(Task) Work through the lines below and count those holding "function"; reply with the number only.

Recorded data
□ □ □ □
(* Let $k\ge2$ be an integer and let $n\ge4k-2$ be an even integer. Let $P$ be the property of being $k$-edge-connected. Then the number of $(P,n)$-sinks, i.e. $|S(P,n)|$, is at least $p(k-1)$, where $p$ denotes the integer partition function.
   Context: Graphs are finite and simple. A graphical sequence of length $n$ is a nondecreasing integer sequence that is the degree sequence of some graph (a realization). For nondecreasing sequences, $\pi'\ge\pi$ ($\pi'$ majorizes $\pi$) means termwise $\ge$. A graphical sequence is forcibly $P$ if every realization has property $P$. Let $G_n$ be the poset of graphical sequences of length $n$ under majorization and $\overline{P_n}$ the subposet of those not forcibly $P$; $S(P,n)$ is the set of maximal elements of $\overline{P_n}$. $p(r)$ is the number of partitions of the integer $r$. *)

From mathcomp Require Import all_boot.
Set Implicit Arguments. Unset Strict Implicit. Unset Printing Implicit Defensive.

Definition simple_graph (n : nat) (g : rel 'I_n) : Prop :=
  (forall u v, g u v = g v u) /\ (forall u, ~~ g u u).

Definition deg (n : nat) (g : rel 'I_n) (u : 'I_n) : nat := #|[pred v | g u v]|.

Definition degseq (n : nat) (g : rel 'I_n) : seq nat :=
  sort leq [seq deg g u | u <- enum 'I_n].

Definition realizes (n : nat) (g : rel 'I_n) (d : seq nat) : Prop :=
  simple_graph g /\ degseq g = d.

(* graphical sequences of length n (nondecreasing by construction of degseq) *)
Definition graphical (n : nat) (d : seq nat) : Prop :=
  exists g : rel 'I_n, realizes g d.

Definition majorizes (d' d : seq nat) : Prop :=
  size d' = size d /\ all2 leq d d'.

Definition graph_property := forall n : nat, rel 'I_n -> Prop.

Definition forcibly (P : graph_property) (n : nat) (d : seq nat) : Prop :=
  forall g : rel 'I_n, realizes g d -> P n g.

Definition not_forcibly (P : graph_property) (n : nat) (d : seq nat) : Prop :=
  graphical n d /\ ~ forcibly P n d.

Definition sink (P : graph_property) (n : nat) (d : seq nat) : Prop :=
  not_forcibly P n d /\
  (forall d', not_forcibly P n d' -> majorizes d' d -> d' = d).

Definition connected (n : nat) (g : rel 'I_n) : Prop :=
  forall u v : 'I_n, connect g u v.

Definition remove_edges (n : nat) (g : rel 'I_n) (F : {set {set 'I_n}}) : rel 'I_n :=
  fun u v => g u v && ([set u; v] \notin F).

Definition k_edge_connected (k : nat) : graph_property :=
  fun n g => forall F : {set {set 'I_n}}, #|F| < k -> connected (remove_edges g F).

(* integer partition function p(r): partitions of r correspond bijectively to
   nonincreasing r-tuples of numbers in [0, r] summing to r (pad with zeros). *)
Definition partition_number (r : nat) : nat :=
  #|[set t : r.-tuple 'I_r.+1 |
       sorted geq [seq val i | i <- t] && (sumn [seq val i | i <- t] == r)]|.

From mathcomp Require Import all_boot zify.
From Stdlib Require Import Classical.

(* Write n = 2m and r = k - 1.  For a partition l of r, join two disjoint
   copies of K_m by r edges, vertex i of the first copy receiving l_i of them.
   Deleting these r < k edges disconnects the graph, so its degree sequence
   D_l is not forcibly k-edge-connected and lies below some sink.  The D_l are
   pairwise distinct, have minimum m - 1 and sum (m - 1) n + 2r.  On the other
   hand, if a graph with minimum degree at least m - 1 loses its connectivity
   after deleting fewer than k edges, counting degrees on both sides of the
   cut bounds the degree sum by (m - 1) n + 2 (k - 1).  So a sequence
   majorizing two different D_l is forcibly k-edge-connected, and distinct
   partitions of r give distinct sinks. *)

Set Implicit Arguments. Unset Strict Implicit.

Lemma all2_refl (T : Type) (r : rel T) : reflexive r -> reflexive (all2 r).
Proof. by move=> r_refl; elim=> //= x s ->; rewrite r_refl. Qed.

Lemma all2_trans (T : Type) (r : rel T) : transitive r -> transitive (all2 r).
Proof.
move=> r_trans; elim=> [|y s2 IH] [|x s1] [|z s3] //= /andP[rxy h12] /andP[ryz h23].
by rewrite (r_trans _ _ _ rxy ryz) (IH _ _ h12 h23).
Qed.

Lemma leq_sumn_all2 (s t : seq nat) : all2 leq s t -> sumn s <= sumn t.
Proof. by elim: s t => [|x s IH] [|y t] //= /andP[xy st]; rewrite leq_add ?IH. Qed.

Lemma all2_leq_sumn_eq (s t : seq nat) : all2 leq s t -> sumn s = sumn t -> s = t.
Proof.
elim: s t => [|x s IH] [|y t] //= /andP[xy st] eq_sum.
have le_st := leq_sumn_all2 st.
have -> : x = y by lia.
by rewrite (IH t) //; lia.
Qed.

Lemma all2_leq_lb (s t : seq nat) c :
  all2 leq s t -> {in s, forall x, c <= x} -> {in t, forall y, c <= y}.
Proof.
elim: s t => [|x s IH] [|y t] //= /andP[xy st] lb_s z.
rewrite inE => /predU1P[-> | zt]; first by rewrite (leq_trans _ xy) ?lb_s ?mem_head.
by apply: IH st _ z zt => w ws; rewrite lb_s // inE ws orbT.
Qed.

Lemma majorizes_refl d : majorizes d d.
Proof. by split=> //; apply: all2_refl leqnn _. Qed.

Lemma majorizes_trans d1 d2 d3 : majorizes d1 d2 -> majorizes d2 d3 -> majorizes d1 d3.
Proof.
move=> [size12 le21] [size23 le32]; split; first by rewrite size12.
exact: (all2_trans leq_trans le32 le21).
Qed.

Lemma sumn_degseq n (g : rel 'I_n) : sumn (degseq g) = \sum_u deg g u.
Proof. by rewrite (perm_sumn (permEl (perm_sort _ _))) sumnE big_map big_enum. Qed.

Lemma mem_degseq n (g : rel 'I_n) u : deg g u \in degseq g.
Proof. by rewrite mem_sort map_f ?mem_enum. Qed.

Lemma graphical_sumn_le n d : graphical n d -> sumn d <= n * n.
Proof.
move=> [g [_ <-]]; rewrite sumn_degseq -[n in n * _]card_ord -sum_nat_const.
by apply: leq_sum => u _; rewrite -[n in _ <= n]card_ord max_card.
Qed.

(* Induction on [n * n - sumn d]: graphical sequences sum to at most [n * n]. *)
Lemma sink_majorizes P n d : not_forcibly P n d -> exists2 s, sink P n s & majorizes s d.
Proof.
have [N] := ubnP (n * n - sumn d); elim: N d => [|N IH] d // lt_N nf_d.
have [[d' [nf_d' d'_d neq_d']] | no_d'] :=
  classic (exists d', [/\ not_forcibly P n d', majorizes d' d & d' <> d]); last first.
  exists d; last exact: majorizes_refl.
  by split=> // d' nf_d' d'_d; apply: NNPP => neq_d'; apply: no_d'; exists d'.
have lt_sum : sumn d < sumn d'.
  rewrite ltn_neqAle leq_sumn_all2 ?andbT; last exact: d'_d.2.
  by apply/eqP => eq_sum; apply: neq_d'; rewrite (all2_leq_sumn_eq d'_d.2).
have [|s sink_s s_d'] := IH d' _ nf_d'.
  by have := graphical_sumn_le nf_d'.1; lia.
by exists s => //; apply: majorizes_trans s_d' d'_d.
Qed.

Section EdgeCuts.

Variables (n : nat) (g : rel 'I_n).
Hypothesis g_simple : simple_graph g.
Implicit Types (A : {set 'I_n}) (F : {set {set 'I_n}}).

Definition boundary_within (A : {set 'I_n}) (F : {set {set 'I_n}}) :=
  forall x y, x \in A -> y \notin A -> g x y -> [set x; y] \in F.

Lemma boundary_withinC A F : boundary_within A F -> boundary_within (~: A) F.
Proof.
move=> bA x y; rewrite !inE negbK => xA yA gxy.
by rewrite setUC bA // g_simple.1.
Qed.

Lemma remove_edges_sym F : symmetric (remove_edges g F).
Proof. by move=> x y; rewrite /remove_edges g_simple.1 setUC. Qed.

Lemma disconnected_boundary F u v : ~~ connect (remove_edges g F) u v ->
  exists A : {set 'I_n}, [/\ u \in A, v \notin A & boundary_within A F].
Proof.
move=> not_uv; exists [set w | connect (remove_edges g F) u w].
split; rewrite ?inE ?connect0 // => x y; rewrite !inE => ux not_uy gxy.
apply: contraNT not_uy => xy_F.
by apply: connect_trans ux (connect1 _); rewrite /remove_edges gxy.
Qed.

Lemma not_k_edge_connected_cut k A F x y : #|F| < k ->
  x \in A -> y \notin A -> boundary_within A F -> ~ k_edge_connected k g.
Proof.
move=> card_F xA yA bA /(_ F card_F x y) xy_conn.
have sym_conn := sym_connect_sym (remove_edges_sym F).
have A_closed : closed (remove_edges g F) (mem A).
  apply: (intro_closed sym_conn) => a b /andP[gab ab_F] aA.
  by apply: contraNT ab_F => bA'; apply: bA aA bA' gab.
by move: yA; rewrite -(closed_connect A_closed xy_conn) xA.
Qed.

Lemma deg_le_in_out A x : x \in A ->
  deg g x <= #|A|.-1 + #|[set y | (y \notin A) && g x y]|.
Proof.
move=> xA; rewrite /deg -(cardID (mem A) [pred y | g x y]); apply: leq_add.
  rewrite (cardsD1 x A) xA add1n /=; apply/subset_leq_card/subsetP => y.
  rewrite !inE /= => /andP[gxy ->]; rewrite andbT.
  by apply: contraTneq gxy => ->; exact: g_simple.2.
by apply/subset_leq_card/subsetP => y; rewrite !inE /= andbC.
Qed.

Lemma sum_deg_boundary_le A F : boundary_within A F ->
  \sum_(x in A) deg g x <= #|A| * #|A|.-1 + #|F|.
Proof.
move=> bA.
pose out x := #|[set y | (y \notin A) && g x y]|.
apply: (@leq_trans (\sum_(x in A) (#|A|.-1 + out x))).
  by apply: leq_sum => x; apply: deg_le_in_out.
rewrite big_split /= sum_nat_const leq_add2l.
under eq_bigr => x _ do rewrite /out -sum1dep_card.
rewrite (pair_big_dep (mem A) (fun x y => (y \notin A) && g x y) (fun _ _ => 1)) /=.
rewrite sum1dep_card.
set D := [set p | _].
rewrite -(@card_in_imset _ _ (fun p : 'I_n * 'I_n => [set p.1; p.2]) (mem D)).
  apply: subset_leq_card; apply/subsetP => _ /imsetP[[x y] + ->] /=.
  by rewrite !inE /= => /and3P[xA yA gxy]; apply: bA.
move=> [x y] [x' y']; rewrite !inE /= => /and3P[xA yA _] /and3P[xA' yA' _] eq_xy.
have /set2P[-> | eq_x] : x \in [set x'; y'] by rewrite -eq_xy set21.
  have /set2P[eq_y | -> //] : y \in [set x'; y'] by rewrite -eq_xy set22.
  by move: yA; rewrite eq_y xA'.
by move: xA; rewrite eq_x (negbTE yA').
Qed.

Lemma boundary_side_bound s m f : 0 < s < m -> s * m.-1 <= s * s.-1 + f -> m.-1 <= f.
Proof. by move=> s_range; nia. Qed.

Lemma k_edge_connected_of_degrees m k :
  n = m + m -> 2 <= k -> k.*2 <= m.+1 -> (forall u, m.-1 <= deg g u) ->
  m.-1 * n + k.-1.*2 < \sum_u deg g u -> k_edge_connected k g.
Proof.
move=> n_eq k_ge2 k_le min_deg big_sum F card_F u v.
apply/negPn/negP => /disconnected_boundary[A [uA vA bA]].
have deg_lb (B : {set 'I_n}) : #|B| * m.-1 <= \sum_(x in B) deg g x.
  by rewrite -sum_nat_const; apply: leq_sum.
have sum_split : \sum_u deg g u = \sum_(x in A) deg g x + \sum_(x in ~: A) deg g x.
  by rewrite (bigID (mem A)) /=; congr (_ + _); apply: eq_bigl => x; rewrite inE.
have card_split : #|A| + #|~: A| = n by rewrite cardsC card_ord.
have A_gt0 : 0 < #|A| by apply/card_gt0P; exists u.
have Ac_gt0 : 0 < #|~: A| by apply/card_gt0P; exists v; rewrite inE.
have ubA := sum_deg_boundary_le bA; have lbA := deg_lb A.
have ubAc := sum_deg_boundary_le (boundary_withinC bA); have lbAc := deg_lb (~: A).
(* A side of size [0 < s < m] forces at least [s * (m - s) >= m - 1 >= k]
   boundary edges, and two sides of size [m] contradict the degree sum. *)
have [ltA | gtA | eqA] := ltngtP #|A| m.
- by have := boundary_side_bound (s := #|A|) (m := m) (f := #|F|); lia.
- by have := boundary_side_bound (s := #|~: A|) (m := m) (f := #|F|); lia.
- have eqAc : #|~: A| = m by lia.
  by move: ubA ubAc; rewrite eqA eqAc; lia.
Qed.

End EdgeCuts.

Lemma card_ord_count n (p : pred nat) : #|[pred v : 'I_n | p v]| = count p (iota 0 n).
Proof.
rewrite -val_enum_ord count_map cardE /enum_mem size_filter -enumT /=.
by congr count; rewrite (@eq_filter _ _ predT) ?filter_predT.
Qed.

Lemma card_ord_range n lo r : #|[set v : 'I_n | lo <= v < lo + r]| <= r.
Proof.
rewrite cardE -(size_map val) -[r in _ <= r](size_iota lo); apply: uniq_leq_size.
  by rewrite (map_inj_uniq val_inj) enum_uniq.
by move=> _ /mapP[v + ->]; rewrite mem_enum inE mem_iota.
Qed.

Lemma count_iotaS (p : pred nat) n : count p (iota 0 n.+1) = count p (iota 0 n) + p n.
Proof. by rewrite -addn1 iotaD count_cat /= addn0. Qed.

Lemma sumn_map_addn c s : sumn [seq c + x | x <- s] = c * size s + sumn s.
Proof. by elim: s => [|x s IH] /=; rewrite ?muln0 // IH mulnS; lia. Qed.

Definition psum (l : seq nat) i := sumn (take i l).

Lemma psumS l i : psum l i.+1 = psum l i + nth 0 l i.
Proof.
rewrite /psum; elim: l i => [|x l IH] [|i] /=; rewrite ?take0 ?addn0 //.
by rewrite IH addnA.
Qed.

Lemma psum_mono l : {homo psum l : i j / i <= j}.
Proof.
move=> i j /subnK <-; elim: (j - i) => // d IH.
by rewrite addSn psumS (leq_trans IH) ?leq_addr.
Qed.

Lemma psum_oversize l i : size l <= i -> psum l i = sumn l.
Proof. by move=> le_l_i; rewrite /psum take_oversize. Qed.

(* Vertex [a < m] of the first clique is joined to the [l_a] vertices
   [m + l_0 + ... + l_(a-1)], ..., [m + l_0 + ... + l_a - 1] of the second. *)
Definition bridge m l a b := (a < m) && (m + psum l a <= b < m + psum l a.+1).

Definition clique_pair m l : rel nat :=
  fun a b => ((a < m) == (b < m)) && (a != b) || bridge m l a b || bridge m l b a.

Definition clique_pair_graph n m l : rel 'I_n := fun u v => clique_pair m l u v.
Arguments clique_pair_graph : clear implicits.

Definition excess m r l i : nat := if i < m then nth 0 l i else i - m < r.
□ □ □ □
(Your solution) 2